Stichwort Mut: Vor allem: Die FDP braucht Mut. Sie darf sich nicht an den Kommentatoren in ARD und ZDF ausrichten, sondern nach klassisch-liberalen Prinzipien und nach ihren Wählern. Das, und nicht das Wohlwollen linker Medien, muss Orientierungspunkt für die Partei sein. Gegenwind von ARD und ZDF und anderen linken Medien sowie schrille Empörung von Kevin Kühnert und Ricarda Lang wären ein sicheres Zeichen, dass die Liberalen auf dem richtigen Weg sind.

Frank Schäffler: Das sehe ich genauso, darf aber festhalten, dass die Mediendominanz, die die öffentlich-rechtlichen Sender haben, bröckelt. Und das ist auch gut so, weil die öffentlich-rechtlichen Rundfunkanstalten nicht mehr so weiter machen können wie bisher. Das hat übrigens auch der Intendant des WDR erkannt und deutlich gemacht. Deshalb gehe ich davon aus, dass der öffentlich-rechtliche Rundfunk in fünf bis zehn Jahren sich nicht mehr so darstellt, wie bisher – was im Übrigen auch am Medienverhalten der Menschen liegt. Stichwort: Digitale Angebote. Das zieht Konsequenzen nach sich. Wir haben den teuersten Rundfunk der Welt mit über 8 Milliarden Euro Beitragseinnahmen. Ich gehe nicht davon aus, dass das dauerhaft so bleibt, weil auch die Rechtsprechung nicht vom Verhalten der Nutzer völlig abweichen kann. Dass sich die öffentlich-rechtlichen Sender ihre Rundfunkgebühren praktisch selbst genehmigen können, weil dies das Bundesverfassungsgericht faktisch so ermöglicht hat, wird auf Dauer nicht funktionieren.

DS-Magazin: Sie sind kritisch mit der Forderung an die Öffentlichkeit getreten, dass die FDP-Fraktion im Bundestag stärker in Erscheinung treten müsse. Heißt das, dass sich Ihre Partei allzu sehr auf Christian Lindner fokussiert?

Frank Schäffler: Die FDP-Fraktion muss auch in einer Regierungskoalition eine eigenständige Rolle spielen. Sie muss auch einmal ein Stoppschild hochhalten und sagen, da machen wir nicht mit. So zuletzt geschehen, beim Thema Impfpflicht. Letztendlich ist die Impfpflicht in Deutschland gescheitert, weil die FDP den Rücken gerade gemacht und nicht zugestimmt hat, was belegt, dass die Fraktion schon eine eigenständige Rolle spielen kann. Das muss sie aber öfter machen. Wir dürfen nicht nur administrieren, was die Regierung quasi im Kabinett beschließt und der Beschluss dann im Parlament durch uns nur noch abgenickt wird, sondern wir müssen ein Teil dieses Machtspiels sein und unsere eigenen Interessen durchsetzen. Denn die sind nicht immer identisch mit denen der Kabinettsmitglieder. Das betrifft übrigens auch die Kabinettsmitglieder der eigenen Partei. Und in der Fraktion ist man immer gut beraten, wenn es nicht nur einen Abgeordneten gibt, der in den Debatten in Erscheinung tritt.

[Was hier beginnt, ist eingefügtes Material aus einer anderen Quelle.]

(* Let $\mathcal V$ be a vector space partition of $\mathbb F_2^{10}$ such that $\dim(V)$ is even for all $V\in\mathcal V$. Then $\mathcal V$ has one of the types $[10^1]$; $[2^{256},8^1]$; $[2^{320-5i},4^i,6^1]$ for some $0\le i\le64$; or $[2^{341-5i},4^i]$ for some $0\le i\le66$. Vector space partitions of $\mathbb F_2^{10}$ of each of these types exist, except possibly of type $[2^{11},4^{66}]$.
   Context: A vector space partition of $\mathbb F_2^n$ is a set of nonzero subspaces such that every nonzero vector lies in exactly one of them. It has type $[d_1^{n_1},\dots,d_k^{n_k}]$ (with $d_1<\dots<d_k$) if it contains exactly $n_i$ subspaces of dimension $d_i$ and no others. *)

From HB Require Import structures.
From mathcomp Require Import all_boot all_order all_algebra.
Set Implicit Arguments. Unset Strict Implicit. Unset Printing Implicit Defensive.
Import GRing.Theory.
Local Open Scope ring_scope.

(* Ambient space F_2^n, vectors are row vectors 'rV['F_2]_n.
   Subspaces are represented by their sets of vectors. *)
Notation vec n := 'rV['F_2]_n.

Definition span n (A : {set vec n}) : 'M['F_2]_n :=
  (\sum_(v in A) <<v>>)%MS.

Definition is_subspace n (A : {set vec n}) : Prop :=
  A = [set v : vec n | (v <= span A)%MS].

Definition sdim n (A : {set vec n}) : nat := \rank (span A).

Definition vs_partition n (P : {set {set vec n}}) : Prop :=
  (forall A, A \in P -> is_subspace A /\ (0 < sdim A)%N) /\
  (forall v : vec n, v != 0 -> exists! A, A \in P /\ v \in A).

Definition ndim n (P : {set {set vec n}}) (d : nat) : nat :=
  #|[set A in P | sdim A == d]|.

(* The type [d_1^{n_1}, ..., d_k^{n_k}], given as a list of pairs (d_i, n_i)
   with distinct d_i: exactly n_i members of dimension d_i and no others. *)
Definition has_type n (P : {set {set vec n}}) (t : seq (nat * nat)) : Prop :=
  forall d, ndim P d = (\sum_(p <- t | p.1 == d) p.2)%N.

From Pilot Require Import Defs.
From mathcomp Require Import all_boot all_order all_algebra.
From mathcomp Require Import zify.
Set Implicit Arguments. Unset Strict Implicit. Unset Printing Implicit Defensive.
Import GRing.Theory.
Local Open Scope ring_scope.
(* Let $\theta>1$ and $r\in(\theta^{-1},\theta^{-1/2}]$. Let $\mathsf{A}$ be any deterministic online algorithm for one-max search with predictions having robustness $r$ and consistency $\frac1{r\theta}$. Suppose there is $u\in\mathbb{R}$ such that for all $n\ge1$, all $p\in[1,\theta]^n$ with maximum $p^*$ and all $y\in[1,\theta]$, \[ \frac{\mathsf{A}(p,y)}{p^*}\ge\max\Big(r,\ \frac{1}{r\theta}\,\mathcal{E}(p^*,y)^{u}\Big). \] Then $u\ge \frac{\ln\theta}{\ln(r\theta)}-2$.
   Context: One-max search: fix $\theta>1$. An instance is a sequence of prices $p=(p_1,\dots,p_n)\in[1,\theta]^n$, revealed one at a time; the algorithm receives at the start a prediction $y\in[1,\theta]$ of $p^*:=\max_ip_i$. At each step it irrevocably accepts the current price (payoff = that price) or rejects it; if nothing is accepted by step $n$ the payoff is $1$. $\mathsf{A}(p,y)$ is the payoff. Consistency: $\inf_p \mathsf{A}(p,p^* )/p^*$; robustness: $\inf_{p,y}\mathsf{A}(p,y)/p^*$. The multiplicative error is $\mathcal{E}(p^*,y)=\min\{p^*/y,\,y/p^*\}$. *)

From mathcomp Require Import all_boot all_order all_algebra.
From mathcomp Require Import all_classical all_reals all_analysis.
Set Implicit Arguments. Unset Strict Implicit. Unset Printing Implicit Defensive.
Import Order.TTheory GRing.Theory Num.Theory.
Local Open Scope ring_scope.
Local Open Scope classical_set_scope.

Section OneMax.
Variable R : realType.

(* A deterministic online algorithm: given the prediction y and the prefix
   (p_1, ..., p_i) of prices revealed so far (the last one being the current
   price), it decides (true = accept) whether to accept the current price p_i. *)
Definition algorithm := R -> seq R -> bool.

(* Run the decision rule [acc] on the remaining prices [p], [hist] being the
   prices already revealed (and rejected). Payoff 1 if nothing is accepted. *)
Fixpoint run (acc : seq R -> bool) (hist : seq R) (p : seq R) : R :=
  match p with
  | [::] => 1
  | x :: q => if acc (rcons hist x) then x else run acc (rcons hist x) q
  end.

Definition payoff (A : algorithm) (p : seq R) (y : R) : R := run (A y) [::] p.

Definition instance (theta : R) (p : seq R) : Prop :=
  (0 < size p)%N /\ all (fun x => 1 <= x <= theta) p.

(* p^* = max_i p_i  (all prices are >= 1 and p is nonempty, so this is the max) *)
Definition pmax (p : seq R) : R := \big[Num.max/1]_(x <- p) x.

Definition mult_err (ps y : R) : R := Num.min (ps / y) (y / ps).

Definition robustness (theta : R) (A : algorithm) : R :=
  inf [set z | exists p y, instance theta p /\ 1 <= y <= theta /\
                           z = payoff A p y / pmax p].

Definition consistency (theta : R) (A : algorithm) : R :=
  inf [set z | exists p, instance theta p /\ z = payoff A p (pmax p) / pmax p].

End OneMax.

From mathcomp Require Import all_boot all_order all_algebra.
From mathcomp Require Import all_classical all_reals all_analysis.
From mathcomp Require Import lra.

Set Implicit Arguments.
Unset Strict Implicit.
Unset Printing Implicit Defensive.
Import Order.TTheory GRing.Theory Num.Theory.
Local Open Scope ring_scope.

(* Show the algorithm, with prediction theta, a first price x in [1, 1/r).
   Accepting it is ruled out by the instance [x; theta], whose maximum theta
   is predicted exactly: the guarantee at error 1 would force x >= 1/r.
   Rejecting it on the instance [x] earns 1, so the error-dependent guarantee
   forces x^(1+u) <= r theta^(1+u).  In logarithms this is a linear
   inequality in ln x on [0, -ln r); it persists at the endpoint x = 1/r,
   where it reads (2 + u) ln (r theta) >= ln theta. *)

Lemma linear_le_at_right_end (R : realType) (c k lo hi : R) : lo < hi ->
  (forall s, lo <= s < hi -> c * s <= k) -> c * hi <= k.
Proof.
move=> lo_lt_hi bound.
have [c_le0 | c_gt0] := leP c 0.
  apply: le_trans (bound lo _); last by rewrite lexx lo_lt_hi.
  exact: ler_wnM2l (ltW lo_lt_hi).
rewrite -ler_pdivlMl // -(@sup_itv _ (BLeft lo) true hi) ?bnd_simp //.
apply: ge_sup; first by exists lo; rewrite /= in_itv /= lexx.
by move=> s /=; rewrite in_itv /= ler_pdivlMl // => /bound.
Qed.

Section TwoPriceAdversary.
Variables (R : realType) (theta r u : R) (A : algorithm R).
Hypothesis theta_gt1 : 1 < theta.
Hypothesis guarantee : forall (p : seq R) (y : R),
  instance theta p -> 1 <= y <= theta ->
  Num.max r ((r * theta)^-1 * (mult_err (pmax p) y) `^ u)
    <= payoff A p y / pmax p.

Let theta_gt0 : 0 < theta. Proof. exact: lt_trans theta_gt1. Qed.
Let theta_itv : 1 <= theta <= theta. Proof. by rewrite (ltW theta_gt1) lexx. Qed.

Lemma accept_first_price x : 1 <= x <= theta -> A theta [:: x] ->
  (r * theta)^-1 <= x / theta.
Proof.
move=> /andP[x_ge1 x_le] acc.
have inst : instance theta [:: x; theta].
  by split => //=; rewrite x_ge1 x_le theta_itv.
have := guarantee inst theta_itv.
rewrite /payoff /= acc /pmax !big_cons big_nil (max_l (ltW theta_gt1)) (max_r x_le).
rewrite /mult_err divff ?gt_eqF // minxx powR1 mulr1.
by rewrite ge_max => /andP[].
Qed.

Lemma reject_first_price x : 1 <= x <= theta -> ~~ A theta [:: x] ->
  (r * theta)^-1 * (x / theta) `^ u <= x^-1.
Proof.
move=> /andP[x_ge1 x_le] /negbTE rej.
have inst : instance theta [:: x] by split => //=; rewrite x_ge1 x_le.
have := guarantee inst theta_itv.
rewrite /payoff /= rej /pmax big_cons big_nil (max_l x_ge1) div1r.
have x_gt0 : 0 < x by apply: lt_le_trans x_ge1.
rewrite /mult_err min_l; first by rewrite ge_max => /andP[].
by rewrite ler_pdivrMr // mulrAC ler_pdivlMr //; apply: ler_pM => //; exact: ltW.
Qed.

Hypothesis r_gt : theta^-1 < r.

Let r_gt0 : 0 < r. Proof. by apply: lt_trans r_gt; rewrite invr_gt0. Qed.

Lemma reject_below_inv x : 1 <= x < r^-1 ->
  (r * theta)^-1 * (x / theta) `^ u <= x^-1.
Proof.
move=> /andP[x_ge1 x_lt].
have x_itv : 1 <= x <= theta.
  by rewrite x_ge1 (le_trans (ltW x_lt)) // -(invrK theta) lef_pV2 ?posrE ?invr_gt0 ?ltW.
have [acc | rej] := boolP (A theta [:: x]); last exact: reject_first_price.
have := accept_first_price x_itv acc.
by rewrite invfM ler_pM2r ?invr_gt0 // leNgt x_lt.
Qed.

Lemma log_reject_below_inv s : 0 <= s < - ln r ->
  (1 + u) * s <= ln (r * theta) + u * ln theta.
Proof.
move=> /andP[s_ge0 s_lt].
have x_itv : 1 <= expR s < r^-1.
  by rewrite -expR0 ler_expR s_ge0 -[r]lnK ?posrE // -expRN ltr_expR.
have rt_gt0 : 0 < r * theta by rewrite mulr_gt0.
have ratio_gt0 : 0 < expR s / theta by rewrite divr_gt0 ?expR_gt0.
have lnE : ln ((r * theta)^-1 * (expR s / theta) `^ u)
    = - ln (r * theta) + u * (s - ln theta).
  rewrite [LHS]lnM ?posrE ?invr_gt0 ?powR_gt0 // (lnV (x := r * theta)) //.
  by rewrite ln_powR ln_div ?posrE ?expR_gt0 // expRK.
have := reject_below_inv x_itv.
rewrite -ler_ln ?posrE ?mulr_gt0 ?invr_gt0 ?powR_gt0 ?expR_gt0 //.
rewrite lnE lnV ?posrE ?expR_gt0 // expRK.
lra.
Qed.
End TwoPriceAdversary.

Theorem theorem3 (R : realType) (theta r u : R) (A : algorithm R) :
  1 < theta ->
  theta^-1 < r -> r <= theta `^ (- 2^-1) ->
  robustness theta A = r ->
  consistency theta A = (r * theta)^-1 ->
  (forall (p : seq R) (y : R), instance theta p -> 1 <= y <= theta ->
     Num.max r ((r * theta)^-1 * (mult_err (pmax p) y) `^ u)
       <= payoff A p y / pmax p) ->
  ln theta / ln (r * theta) - 2 <= u.
Proof.
move=> theta_gt1 r_gt r_le _ _ guarantee.
have theta_gt0 : 0 < theta by apply: lt_trans theta_gt1.
have r_gt0 : 0 < r by apply: lt_trans r_gt; rewrite invr_gt0.
have ln_theta_gt0 : 0 < ln theta by apply: ln_gt0.
have ln_r_lt0 : ln r < 0.
  rewrite (le_lt_trans (y := ln (theta `^ (- 2^-1)))) //.
    by rewrite ler_ln ?posrE ?powR_gt0.
  by rewrite ln_powR mulNr oppr_lt0 mulr_gt0.
have ln_rtheta : ln (r * theta) = ln r + ln theta by rewrite lnM ?posrE.
have ln_rtheta_gt0 : 0 < ln (r * theta).
  by apply: ln_gt0; rewrite -(mulVf (lt0r_neq0 theta_gt0)) ltr_pM2r.
have := linear_le_at_right_end _ (log_reject_below_inv theta_gt1 guarantee r_gt).
rewrite oppr_gt0 => /(_ ln_r_lt0).
rewrite ln_rtheta in ln_rtheta_gt0 *; rewrite lerBlDr ler_pdivrMr //.
lra.
Qed.
(* Let $\mathcal{H}_S$ (system) and $\mathcal{H}_B$ (bath) be finite-dimensional Hilbert spaces, and fix a final time $T>0$. Let $t\mapsto \overline{H}_S(t)$ be a continuous family of Hermitian operators on $\mathcal{H}_S$, $H_B$ a Hermitian operator on $\mathcal{H}_B$, and $H_0(t)=\overline{H}_S(t)\otimes I+I\otimes H_B$. Let $H_{\mathrm{p}}$ be a time-independent Hermitian operator on $\mathcal{H}_S$ with spectral decomposition $H_{\mathrm{p}}=\sum_a\lambda_a\Pi_a$ (distinct eigenvalues $\lambda_a$, spectral projectors $\Pi_a$), let $E_{\mathrm{p}}>0$, and let $V$ be a time-independent Hermitian operator on $\mathcal{H}_S\otimes\mathcal{H}_B$. Let $\mathcal{I}$ be a set of indices of eigenvalues of $H_{\mathrm{p}}$, and set $$P=\sum_{a\in\mathcal{I}}\Pi_a,\qquad W=\sum_{a\in\mathcal{I}}\Pi_a V\Pi_a.$$ Assume that $[\overline{H}_S(t),P]=[\overline{H}_S(t),H_{\mathrm{p}}]=0$ for all $t\in[0,T]$. Let $U_V(T)$ and $U_W(T)$ be the unitary evolutions at time $T$ (solutions of $i\,\frac{d}{dt}U=H(t)U$, $U(0)=I$) generated by $H_V(t)=H_0(t)+E_{\mathrm{p}}H_{\mathrm{p}}+V$ and $H_W(t)=H_0(t)+E_{\mathrm{p}}H_{\mathrm{p}}+W$ respectively, i.e. $U_W(T)=\mathcal{T}\exp\left(-i\int_0^T(H_0(t)+E_{\mathrm{p}}H_{\mathrm{p}}+W)\,dt\right)$. Then for any unitarily invariant norm $\|\cdot\|$, $$\lim_{E_{\mathrm{p}}\to\infty}\big\|U_V(T)P-U_W(T)P\big\|=0.$$
   Context: All operators on $\mathcal{H}_S$ or $\mathcal{H}_B$ are regarded as operators on $\mathcal{H}_S\otimes\mathcal{H}_B$ by tensoring with the identity. $\mathcal{T}$ denotes time ordering. A norm is unitarily invariant if $\|UXV\|=\|X\|$ for all unitaries $U,V$. *)

From HB Require Import structures.
From mathcomp Require Import all_boot all_order all_algebra.
From mathcomp Require Import all_classical all_reals all_analysis.
From mathcomp Require Import complex mxtens.
Set Implicit Arguments. Unset Strict Implicit. Unset Printing Implicit Defensive.
Import Order.TTheory GRing.Theory Num.Theory.
Import numFieldNormedType.Exports.
Local Open Scope classical_set_scope.
Local Open Scope ring_scope.
Local Open Scope complex_scope.

Section QDefs.
Variable R : realType.
Local Notation C := R[i].

Definition adjmx {m n : nat} (A : 'M[C]_(m, n)) : 'M[C]_(n, m) :=
  (map_mx (@conjc R) A)^T.

Definition hermitian_mx {n : nat} (A : 'M[C]_n) : Prop := adjmx A = A.

Definition unitary_mx {n : nat} (U : 'M[C]_n) : Prop :=
  U *m adjmx U = 1%:M /\ adjmx U *m U = 1%:M.

Definition liftS {dS dB : nat} (A : 'M[C]_dS) : 'M[C]_(dS * dB) :=
  tensmx A (1%:M : 'M[C]_dB).
Definition liftB {dS dB : nat} (B : 'M[C]_dB) : 'M[C]_(dS * dB) :=
  tensmx (1%:M : 'M[C]_dS) B.

Definition mx_continuous_on {m n : nat} (T : R) (F : R -> 'M[C]_(m, n)) : Prop :=
  forall i j,
    {within `[0, T], continuous (fun t => @complex.Re R (F t i j))} /\
    {within `[0, T], continuous (fun t => @complex.Im R (F t i j))}.

(* U solves  i dU/dt = H(t) U,  U(0) = I  on [0,T]: U is continuous on
   [0,T] and differentiable on ]0,T[ with dU/dt = -i H(t) U(t)
   (entrywise, real and imaginary parts). *)
Definition schrodinger_solution {n : nat} (T : R) (H : R -> 'M[C]_n)
    (U : R -> 'M[C]_n) : Prop :=
  U 0 = 1%:M /\
  mx_continuous_on T U /\
  forall t, 0 < t < T -> forall i j,
    is_derive t 1 (fun s => @complex.Re R (U s i j)) (@complex.Re R ((- 'i *: (H t *m U t)) i j)) /\
    is_derive t 1 (fun s => @complex.Im R (U s i j)) (@complex.Im R ((- 'i *: (H t *m U t)) i j)).

Definition unitarily_invariant_norm {n : nat} (N : 'M[C]_n -> R) : Prop :=
  [/\ forall A, 0 <= N A,
      forall A, N A = 0 -> A = 0,
      forall (c : C) A, N (c *: A) = ComplexField.Normc.normc c * N A,
      forall A B, N (A + B) <= N A + N B
    & forall U A V, unitary_mx U -> unitary_mx V -> N (U *m A *m V) = N A].

Definition spectral_decomposition {n k : nat} (H : 'M[C]_n)
    (lam : 'I_k -> R) (Pi : 'I_k -> 'M[C]_n) : Prop :=
  [/\ injective lam,
      forall a, hermitian_mx (Pi a) /\ Pi a *m Pi a = Pi a /\ Pi a != 0,
      forall a b, a != b -> Pi a *m Pi b = 0,
      \sum_a Pi a = 1%:M
    & H = \sum_a (lam a)%:C *: Pi a].

End QDefs.

From HB Require Import structures.
From mathcomp Require Import all_boot all_order all_algebra.
From mathcomp Require Import all_classical all_reals all_analysis.
From mathcomp Require Import complex mxtens.
From mathcomp Require Import ring lra.
Set Implicit Arguments. Unset Strict Implicit. Unset Printing Implicit Defensive.
Import Order.TTheory GRing.Theory Num.Theory.
Import numFieldNormedType.Exports.
Local Open Scope classical_set_scope.
Local Open Scope ring_scope.
Local Open Scope complex_scope.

Stichwort Führung: Wenn die FDP das alles beherzigt, hat sie eine Chance. Aber es wird nur funktionieren, wenn sie es aus innerer Überzeugung tut und mit allem bricht, wofür beispielsweise ein Gerhart Baum steht. Sie braucht in ihrer Führung neben Christian Lindner Persönlichkeiten, die für genau diese sieben Punkte stehen. Sie hat solche Politiker – beispielsweise Oliver Luksic oder Frank Schäffler, vielleicht auch andere.

Frank Schäffler: Mit der Person Oliver Luksic liegt Rainer Zitelmann völlig richtig. Gerhart Baum spielt in der FDP keine Rolle mehr. Baum wird nur von den öffentlichen Medien hochgejagt, weil man einen Stachel setzen will. Klar ist, die FDP und die Bundesfraktion besteht aus unterschiedlichen Charakterköpfen. Und davon bin ich natürlich auch einer – aber wie gesagt: Ich bin nicht der Einzige.

DS-Magazin: Sie würden also nicht Christian Lindners legendären Satz „Besser nicht regieren, als schlecht regieren“ auf die jetzige Koalition zugespitzt sehen?

Frank Schäffler: Was wäre denn die Alternative? Da die Union es in die Büsche geschlagen hat, wurden wir faktisch in dieser Koalition gedrängt. Insofern sind wir durchaus in einer etwas misslichen Situation. Aber es muss die Frage erlaubt sein, was hätte eine Koalition mit der CDU/CSU in der Pandemie, oder durch den Ukraine-Krieg, oder beim Sondervermögen für die Bundeswehr und bei den Energiepreisen anders gemacht? Vor allem, wenn man um die Affinität der CDU zu den Bündnisgrünen weiß.